Those who are skeptical about the ability of government to effectively manage huge programs got some additional ammunition last week.
The state auditor general’s office released the results of an audit it performed on the state agency overseeing the multibillion-dollar Medicaid program and came up with some disturbing news.
It concluded that the state’s Department of Healthcare and Family Services failed to properly oversee the spending of more than $7 billion in payments to managed-care organizations that contract with the state to administer benefits for Medicaid recipients.
Just to give readers an idea how big the state’s Medicaid program is, here’s a mind-numbing statistic to consider. One in four Illinois residents is a beneficiary of this staggeringly expensive social welfare program.
Medicaid and public pension costs are the two most expensive programs the state oversees.
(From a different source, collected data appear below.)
(* The l_q norm is the L^q norm of the zero-extended sequence w.r.t. the
   counting measure; this is how Minkowski's inequality becomes available. *)
Lemma Lnorm_counting_col_seq (q : R) a (v : 'cV[R]_a) : 0 < q ->
  Lnorm counting q%:E (EFin \o col_seq v) = (lpnorm q%:E v)%:E.
Proof.
move=> q0; rewrite Lnorm_counting //.
rewrite (@nneseries_split _ (fun k => `|(EFin \o col_seq v) k| `^ q)%E 0 a);
  last by move=> k _; apply: poweR_ge0.
rewrite add0n eseries0 ?adde0; last first.
  move=> k ak _.
  by rewrite /comp col_seq_ge // abse_EFin normr0 poweR_EFin powR0 // gt_eqF.
rewrite big_mkord.
under eq_bigr do rewrite /comp abse_EFin poweR_EFin col_seq_ord.
by rewrite sumEFin poweR_EFin.
Qed.

Variable p : \bar R.
Hypothesis p_ge1 : (1 <= p)%E.

Lemma lpnorm_ge0 a (v : 'cV[R]_a) : 0 <= lpnorm p v.
Proof.
case: p p_ge1 => [q|_|//] /=; first by rewrite powR_ge0.
by elim/big_ind: _ => // x y x0 y0; rewrite le_max x0.
Qed.

Lemma ler_coord_lpnorm a (v : 'cV[R]_a) i : `|v i ord0| <= lpnorm p v.
Proof.
case: p p_ge1 => [q|_|//] /=; last exact: (le_bigmax 0 (fun i => `|v i ord0|) i).
rewrite lee_fin => q1; have q0 : 0 < q by rewrite (lt_le_trans _ q1).
have -> : `|v i ord0| = (`|v i ord0| `^ q) `^ q^-1.
  by rewrite -powRrM mulfV ?gt_eqF // powRr1.
apply: ge0_ler_powR.
- by rewrite invr_ge0 ltW.
- by rewrite nnegrE powR_ge0.
- by rewrite nnegrE sumr_ge0 // => j _; rewrite powR_ge0.
by rewrite (bigD1 i) //= lerDl sumr_ge0 // => j _; rewrite powR_ge0.
Qed.

Lemma lpnorm_le a (u v : 'cV[R]_a) :
  (forall i, `|u i ord0| <= `|v i ord0|) -> lpnorm p u <= lpnorm p v.
Proof.
move=> uv; case: p p_ge1 => [q|_|//] /=; last exact: le_bigmax2.
rewrite lee_fin => q1; have q0 : 0 < q by rewrite (lt_le_trans _ q1).
apply: ge0_ler_powR.
- by rewrite invr_ge0 ltW.
- by rewrite nnegrE sumr_ge0 // => j _; rewrite powR_ge0.
- by rewrite nnegrE sumr_ge0 // => j _; rewrite powR_ge0.
by apply: ler_sum => i _; apply: ge0_ler_powR => //; exact: ltW.
Qed.

Lemma lpnormZ a c (v : 'cV[R]_a) : lpnorm p (c *: v) = `|c| * lpnorm p v.
Proof.
case: p p_ge1 => [q|_|//] /=; last first.
  elim/big_rec2: _ => [|i y1 y2 _ ->]; first by rewrite mulr0.
  by rewrite mxE normrM maxr_pMr.
rewrite lee_fin => q1; have q0 : 0 < q by rewrite (lt_le_trans _ q1).
under eq_bigr do rewrite mxE normrM powRM //.
rewrite -mulr_sumr powRM ?powR_ge0 //; last by rewrite sumr_ge0 // => j _; rewrite powR_ge0.
by rewrite -powRrM mulfV ?gt_eqF // powRr1.
Qed.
Indeed, the rising costs of Medicaid and public pensions consumes so much money that it’s becoming increasingly difficult to fund core state programs, including K-12 and higher education, public infrastructure, law enforcement and mental health.
At Gov. Bruce Rauner’s direction, the state is moving toward managed health care as a cost-saving measure.
To start with, the program covered roughly two-thirds of Medicaid recipients in 30 counties. It’s being expanded to cover most Medicaid recipients in each of the state’s 102 counties.
But the audit, the results of which are not being disputed, revealed that the department simply wasn’t up to the job. Either that or it didn’t even try. Who knows what’s really going on inside mindless, cumbersome bureaucracies that operate with prehistoric technology tools and a stunning lack of accountability.
At any rate, the audit revealed that the department couldn’t produce data it was contractually required to collect. But that shortcoming barely scratched the surface in terms of the bureaucratic failure.
The department couldn’t provide reliable data on claims it paid to managed-care organizations, on claims that the organizations denied, on administrative and care costs the organizations incurred and what the organizations spent on legitimate health care costs as opposed to business costs.
The idea behind the managed-care program is that it will reduce costs and improve care. But crucial to that claim is the skill with which it is managed, and a major component of management is acquiring information that reveals the benefits, or shortcomings, of moving from one plan to another.
Department officials tried to downplay the audit’s findings, stating that recommended fixes already were being put it place or will be put in place.
Since policy affects politics, Democrats were quick to heap the blame for this management failure on Gov. Rauner and his advocacy of the managed-care model.
But he’s hardly the first to suggest that managed care is a better, less costly way to deliver health care to those in financial distress.
Then again, he comes from the private sector, where the price of total failure is bankruptcy.
There’s no similar kind of accountability in the public sphere, where bureaucracies set their own rules.